### [Work order]
From the entries below, return only the lines starting at the one that contains "move=> n_gt0 m_gt0" and ending at the one that contains "rewrite mpow_col_scaled by auto.", exactly as they stand.

[Collected data]
════

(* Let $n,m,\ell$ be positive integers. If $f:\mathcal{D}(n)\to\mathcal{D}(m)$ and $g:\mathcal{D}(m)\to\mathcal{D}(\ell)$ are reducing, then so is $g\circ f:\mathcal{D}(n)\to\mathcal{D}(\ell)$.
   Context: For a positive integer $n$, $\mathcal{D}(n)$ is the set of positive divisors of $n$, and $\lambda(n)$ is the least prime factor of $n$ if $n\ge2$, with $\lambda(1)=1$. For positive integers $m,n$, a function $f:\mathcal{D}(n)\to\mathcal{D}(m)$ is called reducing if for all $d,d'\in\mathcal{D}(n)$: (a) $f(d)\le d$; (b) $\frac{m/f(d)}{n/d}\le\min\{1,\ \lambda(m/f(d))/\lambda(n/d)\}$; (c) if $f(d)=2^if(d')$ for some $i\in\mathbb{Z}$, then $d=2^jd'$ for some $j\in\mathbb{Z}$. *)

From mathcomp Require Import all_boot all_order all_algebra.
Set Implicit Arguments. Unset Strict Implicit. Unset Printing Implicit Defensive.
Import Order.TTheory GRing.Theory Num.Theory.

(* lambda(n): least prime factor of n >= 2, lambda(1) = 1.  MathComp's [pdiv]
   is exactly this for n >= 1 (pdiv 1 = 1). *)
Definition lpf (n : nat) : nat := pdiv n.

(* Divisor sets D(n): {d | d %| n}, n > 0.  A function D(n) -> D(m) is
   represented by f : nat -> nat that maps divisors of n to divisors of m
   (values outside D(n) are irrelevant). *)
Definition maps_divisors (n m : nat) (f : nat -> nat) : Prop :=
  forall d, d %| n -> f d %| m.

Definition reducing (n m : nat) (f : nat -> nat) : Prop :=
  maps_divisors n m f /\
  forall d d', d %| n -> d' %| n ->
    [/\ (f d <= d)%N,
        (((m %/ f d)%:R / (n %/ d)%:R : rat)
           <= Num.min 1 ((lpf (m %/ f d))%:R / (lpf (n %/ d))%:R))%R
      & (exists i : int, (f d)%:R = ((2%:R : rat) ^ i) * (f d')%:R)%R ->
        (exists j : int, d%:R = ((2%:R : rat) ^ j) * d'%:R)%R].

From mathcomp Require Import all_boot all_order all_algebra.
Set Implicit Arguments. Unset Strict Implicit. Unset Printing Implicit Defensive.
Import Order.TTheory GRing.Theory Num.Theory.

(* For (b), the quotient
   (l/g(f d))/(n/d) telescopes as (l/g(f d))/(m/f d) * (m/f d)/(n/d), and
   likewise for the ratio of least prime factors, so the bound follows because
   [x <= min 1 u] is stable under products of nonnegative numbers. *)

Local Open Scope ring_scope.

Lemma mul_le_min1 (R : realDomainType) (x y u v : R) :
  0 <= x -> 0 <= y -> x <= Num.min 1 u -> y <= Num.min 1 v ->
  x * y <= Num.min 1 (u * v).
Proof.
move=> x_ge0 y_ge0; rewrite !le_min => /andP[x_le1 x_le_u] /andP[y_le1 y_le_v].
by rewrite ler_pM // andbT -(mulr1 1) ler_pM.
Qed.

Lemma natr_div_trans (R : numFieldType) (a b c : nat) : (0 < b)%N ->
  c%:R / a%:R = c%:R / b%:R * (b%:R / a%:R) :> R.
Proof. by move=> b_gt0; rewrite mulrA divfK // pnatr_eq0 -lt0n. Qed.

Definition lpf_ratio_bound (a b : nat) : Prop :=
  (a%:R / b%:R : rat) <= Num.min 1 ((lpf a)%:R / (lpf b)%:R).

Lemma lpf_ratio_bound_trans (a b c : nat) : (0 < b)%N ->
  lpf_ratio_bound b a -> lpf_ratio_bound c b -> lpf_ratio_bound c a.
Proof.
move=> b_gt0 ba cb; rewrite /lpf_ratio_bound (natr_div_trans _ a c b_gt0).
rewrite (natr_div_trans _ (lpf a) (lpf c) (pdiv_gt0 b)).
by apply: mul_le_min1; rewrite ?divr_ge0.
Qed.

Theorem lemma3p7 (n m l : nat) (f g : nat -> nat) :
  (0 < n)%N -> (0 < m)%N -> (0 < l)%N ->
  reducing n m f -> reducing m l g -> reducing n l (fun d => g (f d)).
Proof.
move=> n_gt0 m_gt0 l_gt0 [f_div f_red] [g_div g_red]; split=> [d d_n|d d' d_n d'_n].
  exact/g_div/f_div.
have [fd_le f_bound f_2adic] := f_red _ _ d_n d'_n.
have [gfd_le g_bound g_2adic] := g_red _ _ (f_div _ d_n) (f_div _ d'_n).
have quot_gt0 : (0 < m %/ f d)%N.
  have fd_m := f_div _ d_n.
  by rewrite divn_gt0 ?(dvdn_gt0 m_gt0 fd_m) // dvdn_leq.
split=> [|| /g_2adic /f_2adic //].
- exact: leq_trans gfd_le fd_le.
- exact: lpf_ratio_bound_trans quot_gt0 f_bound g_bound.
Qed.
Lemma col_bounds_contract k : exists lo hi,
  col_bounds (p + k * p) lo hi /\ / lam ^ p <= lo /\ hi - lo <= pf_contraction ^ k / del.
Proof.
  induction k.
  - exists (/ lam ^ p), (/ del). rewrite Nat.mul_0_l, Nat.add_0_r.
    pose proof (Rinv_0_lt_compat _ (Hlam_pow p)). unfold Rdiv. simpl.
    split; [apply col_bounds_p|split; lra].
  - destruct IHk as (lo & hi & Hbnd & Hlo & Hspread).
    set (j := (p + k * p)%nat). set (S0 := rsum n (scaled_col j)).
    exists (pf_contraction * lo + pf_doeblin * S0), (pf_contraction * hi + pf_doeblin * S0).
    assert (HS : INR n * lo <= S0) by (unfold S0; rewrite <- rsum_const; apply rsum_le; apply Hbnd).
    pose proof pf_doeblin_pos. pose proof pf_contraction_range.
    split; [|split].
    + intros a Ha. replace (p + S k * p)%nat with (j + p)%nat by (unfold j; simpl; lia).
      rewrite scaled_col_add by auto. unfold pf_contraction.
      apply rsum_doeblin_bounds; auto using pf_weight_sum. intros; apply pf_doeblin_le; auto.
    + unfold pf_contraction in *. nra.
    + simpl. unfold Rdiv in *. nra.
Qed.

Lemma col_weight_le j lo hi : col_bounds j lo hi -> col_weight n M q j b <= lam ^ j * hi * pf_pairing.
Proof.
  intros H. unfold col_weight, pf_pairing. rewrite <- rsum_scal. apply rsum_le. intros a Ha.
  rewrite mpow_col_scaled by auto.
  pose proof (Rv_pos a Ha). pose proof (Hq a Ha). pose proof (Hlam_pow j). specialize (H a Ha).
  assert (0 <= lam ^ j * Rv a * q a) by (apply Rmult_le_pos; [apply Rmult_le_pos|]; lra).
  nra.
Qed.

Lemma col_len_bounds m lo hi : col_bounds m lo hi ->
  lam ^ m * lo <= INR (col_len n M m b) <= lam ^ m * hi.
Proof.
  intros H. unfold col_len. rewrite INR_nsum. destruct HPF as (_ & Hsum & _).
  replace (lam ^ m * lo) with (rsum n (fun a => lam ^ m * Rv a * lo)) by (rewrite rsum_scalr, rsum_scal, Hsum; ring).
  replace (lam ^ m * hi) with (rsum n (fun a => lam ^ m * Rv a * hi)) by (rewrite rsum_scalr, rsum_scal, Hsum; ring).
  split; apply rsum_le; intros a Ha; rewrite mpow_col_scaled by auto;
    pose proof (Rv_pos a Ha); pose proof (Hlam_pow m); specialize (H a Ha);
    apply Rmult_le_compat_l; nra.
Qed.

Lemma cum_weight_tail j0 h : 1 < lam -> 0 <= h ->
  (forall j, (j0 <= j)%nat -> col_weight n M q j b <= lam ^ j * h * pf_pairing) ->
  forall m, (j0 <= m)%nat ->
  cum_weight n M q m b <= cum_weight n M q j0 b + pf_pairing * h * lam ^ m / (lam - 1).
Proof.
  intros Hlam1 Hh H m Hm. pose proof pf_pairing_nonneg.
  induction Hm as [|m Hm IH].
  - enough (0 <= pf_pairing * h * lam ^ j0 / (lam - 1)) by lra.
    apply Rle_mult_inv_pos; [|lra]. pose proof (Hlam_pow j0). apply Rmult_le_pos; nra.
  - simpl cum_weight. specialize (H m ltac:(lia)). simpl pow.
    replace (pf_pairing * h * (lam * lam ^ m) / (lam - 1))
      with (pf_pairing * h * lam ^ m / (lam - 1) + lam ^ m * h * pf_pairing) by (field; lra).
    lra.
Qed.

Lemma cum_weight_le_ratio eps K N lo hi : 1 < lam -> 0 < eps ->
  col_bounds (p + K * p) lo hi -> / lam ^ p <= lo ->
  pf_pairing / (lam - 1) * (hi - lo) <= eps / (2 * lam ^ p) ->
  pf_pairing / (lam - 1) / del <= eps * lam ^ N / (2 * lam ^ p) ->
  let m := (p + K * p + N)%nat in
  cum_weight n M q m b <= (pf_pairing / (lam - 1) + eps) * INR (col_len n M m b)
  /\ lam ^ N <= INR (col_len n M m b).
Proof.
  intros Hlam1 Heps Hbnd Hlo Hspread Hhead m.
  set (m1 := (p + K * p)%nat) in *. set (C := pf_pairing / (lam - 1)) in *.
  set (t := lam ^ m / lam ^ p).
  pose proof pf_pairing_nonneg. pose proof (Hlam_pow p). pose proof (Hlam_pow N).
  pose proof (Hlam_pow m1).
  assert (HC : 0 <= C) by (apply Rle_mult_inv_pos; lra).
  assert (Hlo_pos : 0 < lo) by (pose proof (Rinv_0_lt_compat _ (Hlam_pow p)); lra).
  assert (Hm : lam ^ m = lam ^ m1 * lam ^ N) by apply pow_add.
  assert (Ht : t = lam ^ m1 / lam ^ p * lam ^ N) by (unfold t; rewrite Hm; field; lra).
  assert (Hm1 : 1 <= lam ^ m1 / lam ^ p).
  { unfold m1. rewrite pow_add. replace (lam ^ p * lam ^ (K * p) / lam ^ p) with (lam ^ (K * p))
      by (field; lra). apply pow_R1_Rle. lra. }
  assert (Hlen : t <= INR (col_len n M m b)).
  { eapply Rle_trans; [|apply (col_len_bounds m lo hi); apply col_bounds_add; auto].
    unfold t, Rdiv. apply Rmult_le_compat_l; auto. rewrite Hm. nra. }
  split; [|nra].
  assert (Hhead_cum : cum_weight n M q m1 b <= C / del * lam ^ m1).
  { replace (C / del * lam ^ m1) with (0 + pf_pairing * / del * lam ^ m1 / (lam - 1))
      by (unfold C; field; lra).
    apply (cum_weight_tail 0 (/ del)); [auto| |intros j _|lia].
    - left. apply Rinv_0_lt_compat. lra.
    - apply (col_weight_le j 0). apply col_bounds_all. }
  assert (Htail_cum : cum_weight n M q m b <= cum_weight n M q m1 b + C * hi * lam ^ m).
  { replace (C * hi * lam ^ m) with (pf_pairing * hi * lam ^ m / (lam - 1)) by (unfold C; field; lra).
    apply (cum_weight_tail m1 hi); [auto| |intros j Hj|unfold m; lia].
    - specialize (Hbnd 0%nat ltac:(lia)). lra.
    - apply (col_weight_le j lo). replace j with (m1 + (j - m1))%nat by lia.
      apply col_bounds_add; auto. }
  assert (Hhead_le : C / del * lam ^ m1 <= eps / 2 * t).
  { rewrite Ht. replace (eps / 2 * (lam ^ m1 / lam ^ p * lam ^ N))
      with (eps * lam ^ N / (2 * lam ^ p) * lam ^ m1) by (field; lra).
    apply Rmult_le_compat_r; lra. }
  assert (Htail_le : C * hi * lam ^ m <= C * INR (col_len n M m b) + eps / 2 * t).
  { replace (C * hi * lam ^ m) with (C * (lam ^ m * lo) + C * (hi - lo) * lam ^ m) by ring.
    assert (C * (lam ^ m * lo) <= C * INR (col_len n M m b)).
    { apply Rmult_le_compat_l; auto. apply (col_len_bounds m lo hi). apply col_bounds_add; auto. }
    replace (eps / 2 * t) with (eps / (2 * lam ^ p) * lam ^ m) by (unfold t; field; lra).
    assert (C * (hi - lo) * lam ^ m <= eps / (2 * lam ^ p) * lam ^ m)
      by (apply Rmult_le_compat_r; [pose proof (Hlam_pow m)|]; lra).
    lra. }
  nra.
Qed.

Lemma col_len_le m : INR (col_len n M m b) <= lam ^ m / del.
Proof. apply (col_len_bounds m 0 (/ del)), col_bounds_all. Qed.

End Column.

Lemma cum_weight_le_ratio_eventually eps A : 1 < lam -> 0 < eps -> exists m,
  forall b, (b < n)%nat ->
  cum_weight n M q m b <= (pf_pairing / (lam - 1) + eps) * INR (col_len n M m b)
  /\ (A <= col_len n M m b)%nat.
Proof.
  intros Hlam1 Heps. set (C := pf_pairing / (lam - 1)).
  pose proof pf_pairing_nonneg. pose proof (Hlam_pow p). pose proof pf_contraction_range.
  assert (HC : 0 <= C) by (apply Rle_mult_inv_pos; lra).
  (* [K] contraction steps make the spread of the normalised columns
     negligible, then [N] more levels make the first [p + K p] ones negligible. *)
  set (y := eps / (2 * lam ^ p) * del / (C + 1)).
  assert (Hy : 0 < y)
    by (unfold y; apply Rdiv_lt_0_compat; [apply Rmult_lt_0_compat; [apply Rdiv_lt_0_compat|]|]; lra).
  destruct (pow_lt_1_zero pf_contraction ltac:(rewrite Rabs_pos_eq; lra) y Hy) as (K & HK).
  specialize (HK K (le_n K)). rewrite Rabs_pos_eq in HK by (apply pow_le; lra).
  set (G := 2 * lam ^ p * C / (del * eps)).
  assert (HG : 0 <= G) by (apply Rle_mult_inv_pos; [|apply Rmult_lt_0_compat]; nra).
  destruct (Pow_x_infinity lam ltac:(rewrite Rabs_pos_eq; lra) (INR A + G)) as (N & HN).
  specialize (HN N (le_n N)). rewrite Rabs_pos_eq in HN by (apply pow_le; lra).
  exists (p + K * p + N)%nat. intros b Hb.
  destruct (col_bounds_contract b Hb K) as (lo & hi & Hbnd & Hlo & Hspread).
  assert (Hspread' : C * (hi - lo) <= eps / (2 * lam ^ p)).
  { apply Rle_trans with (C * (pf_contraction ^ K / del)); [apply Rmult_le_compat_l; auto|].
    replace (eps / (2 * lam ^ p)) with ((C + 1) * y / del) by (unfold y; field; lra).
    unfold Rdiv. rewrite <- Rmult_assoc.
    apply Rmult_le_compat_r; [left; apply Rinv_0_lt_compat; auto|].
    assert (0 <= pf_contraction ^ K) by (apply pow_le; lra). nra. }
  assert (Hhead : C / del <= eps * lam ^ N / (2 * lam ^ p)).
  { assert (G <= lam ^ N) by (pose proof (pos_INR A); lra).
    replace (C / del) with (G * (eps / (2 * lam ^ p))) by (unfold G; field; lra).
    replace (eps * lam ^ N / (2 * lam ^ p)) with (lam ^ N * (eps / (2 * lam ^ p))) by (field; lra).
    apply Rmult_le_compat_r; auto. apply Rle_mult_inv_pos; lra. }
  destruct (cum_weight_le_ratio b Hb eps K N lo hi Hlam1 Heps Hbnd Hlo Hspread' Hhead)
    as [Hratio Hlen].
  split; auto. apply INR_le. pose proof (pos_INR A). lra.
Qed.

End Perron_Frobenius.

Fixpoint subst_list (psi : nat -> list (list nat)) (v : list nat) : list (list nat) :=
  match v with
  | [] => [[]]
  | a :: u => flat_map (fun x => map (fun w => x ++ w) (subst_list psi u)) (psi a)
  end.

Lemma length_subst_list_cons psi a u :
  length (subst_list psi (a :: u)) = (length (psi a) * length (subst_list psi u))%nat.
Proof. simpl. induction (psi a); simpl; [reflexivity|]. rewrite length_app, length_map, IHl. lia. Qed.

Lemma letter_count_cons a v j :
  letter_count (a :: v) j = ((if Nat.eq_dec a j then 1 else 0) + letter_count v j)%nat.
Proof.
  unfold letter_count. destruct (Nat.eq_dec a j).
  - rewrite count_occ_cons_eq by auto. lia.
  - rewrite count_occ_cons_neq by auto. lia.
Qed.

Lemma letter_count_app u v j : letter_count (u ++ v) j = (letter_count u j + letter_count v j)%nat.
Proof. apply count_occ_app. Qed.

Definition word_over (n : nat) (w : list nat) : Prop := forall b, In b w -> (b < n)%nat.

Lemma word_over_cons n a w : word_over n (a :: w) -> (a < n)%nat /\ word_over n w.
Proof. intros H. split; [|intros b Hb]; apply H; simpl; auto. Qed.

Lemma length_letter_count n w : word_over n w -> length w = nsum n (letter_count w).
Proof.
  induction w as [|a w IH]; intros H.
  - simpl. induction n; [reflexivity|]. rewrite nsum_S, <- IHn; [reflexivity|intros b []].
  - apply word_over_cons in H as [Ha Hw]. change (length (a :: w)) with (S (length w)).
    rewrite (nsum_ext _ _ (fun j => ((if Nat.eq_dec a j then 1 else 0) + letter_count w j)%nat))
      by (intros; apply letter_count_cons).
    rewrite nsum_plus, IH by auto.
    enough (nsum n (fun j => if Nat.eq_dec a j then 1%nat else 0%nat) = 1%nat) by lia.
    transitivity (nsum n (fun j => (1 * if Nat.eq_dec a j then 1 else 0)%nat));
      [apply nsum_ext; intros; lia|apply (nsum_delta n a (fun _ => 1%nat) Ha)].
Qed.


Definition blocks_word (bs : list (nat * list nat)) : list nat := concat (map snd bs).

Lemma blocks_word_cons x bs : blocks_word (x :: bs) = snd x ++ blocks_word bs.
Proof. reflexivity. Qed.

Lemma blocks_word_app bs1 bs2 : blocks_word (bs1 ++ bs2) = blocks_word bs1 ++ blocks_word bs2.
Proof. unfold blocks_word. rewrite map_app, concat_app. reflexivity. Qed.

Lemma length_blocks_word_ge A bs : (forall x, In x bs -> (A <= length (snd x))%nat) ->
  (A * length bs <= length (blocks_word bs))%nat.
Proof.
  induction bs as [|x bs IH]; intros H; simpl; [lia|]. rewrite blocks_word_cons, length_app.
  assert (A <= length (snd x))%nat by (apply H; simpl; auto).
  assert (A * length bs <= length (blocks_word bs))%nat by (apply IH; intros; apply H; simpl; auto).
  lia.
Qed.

════

### [Response to the exercise]
move=> n_gt0 m_gt0 l_gt0 [f_div f_red] [g_div g_red]; split=> [d d_n|d d' d_n d'_n].
  exact/g_div/f_div.
have [fd_le f_bound f_2adic] := f_red _ _ d_n d'_n.
have [gfd_le g_bound g_2adic] := g_red _ _ (f_div _ d_n) (f_div _ d'_n).
have quot_gt0 : (0 < m %/ f d)%N.
  have fd_m := f_div _ d_n.
  by rewrite divn_gt0 ?(dvdn_gt0 m_gt0 fd_m) // dvdn_leq.
split=> [|| /g_2adic /f_2adic //].
- exact: leq_trans gfd_le fd_le.
- exact: lpf_ratio_bound_trans quot_gt0 f_bound g_bound.
Qed.
Lemma col_bounds_contract k : exists lo hi,
  col_bounds (p + k * p) lo hi /\ / lam ^ p <= lo /\ hi - lo <= pf_contraction ^ k / del.
Proof.
  induction k.
  - exists (/ lam ^ p), (/ del). rewrite Nat.mul_0_l, Nat.add_0_r.
    pose proof (Rinv_0_lt_compat _ (Hlam_pow p)). unfold Rdiv. simpl.
    split; [apply col_bounds_p|split; lra].
  - destruct IHk as (lo & hi & Hbnd & Hlo & Hspread).
    set (j := (p + k * p)%nat). set (S0 := rsum n (scaled_col j)).
    exists (pf_contraction * lo + pf_doeblin * S0), (pf_contraction * hi + pf_doeblin * S0).
    assert (HS : INR n * lo <= S0) by (unfold S0; rewrite <- rsum_const; apply rsum_le; apply Hbnd).
    pose proof pf_doeblin_pos. pose proof pf_contraction_range.
    split; [|split].
    + intros a Ha. replace (p + S k * p)%nat with (j + p)%nat by (unfold j; simpl; lia).
      rewrite scaled_col_add by auto. unfold pf_contraction.
      apply rsum_doeblin_bounds; auto using pf_weight_sum. intros; apply pf_doeblin_le; auto.
    + unfold pf_contraction in *. nra.
    + simpl. unfold Rdiv in *. nra.
Qed.

Lemma col_weight_le j lo hi : col_bounds j lo hi -> col_weight n M q j b <= lam ^ j * hi * pf_pairing.
Proof.
  intros H. unfold col_weight, pf_pairing. rewrite <- rsum_scal. apply rsum_le. intros a Ha.
  rewrite mpow_col_scaled by auto.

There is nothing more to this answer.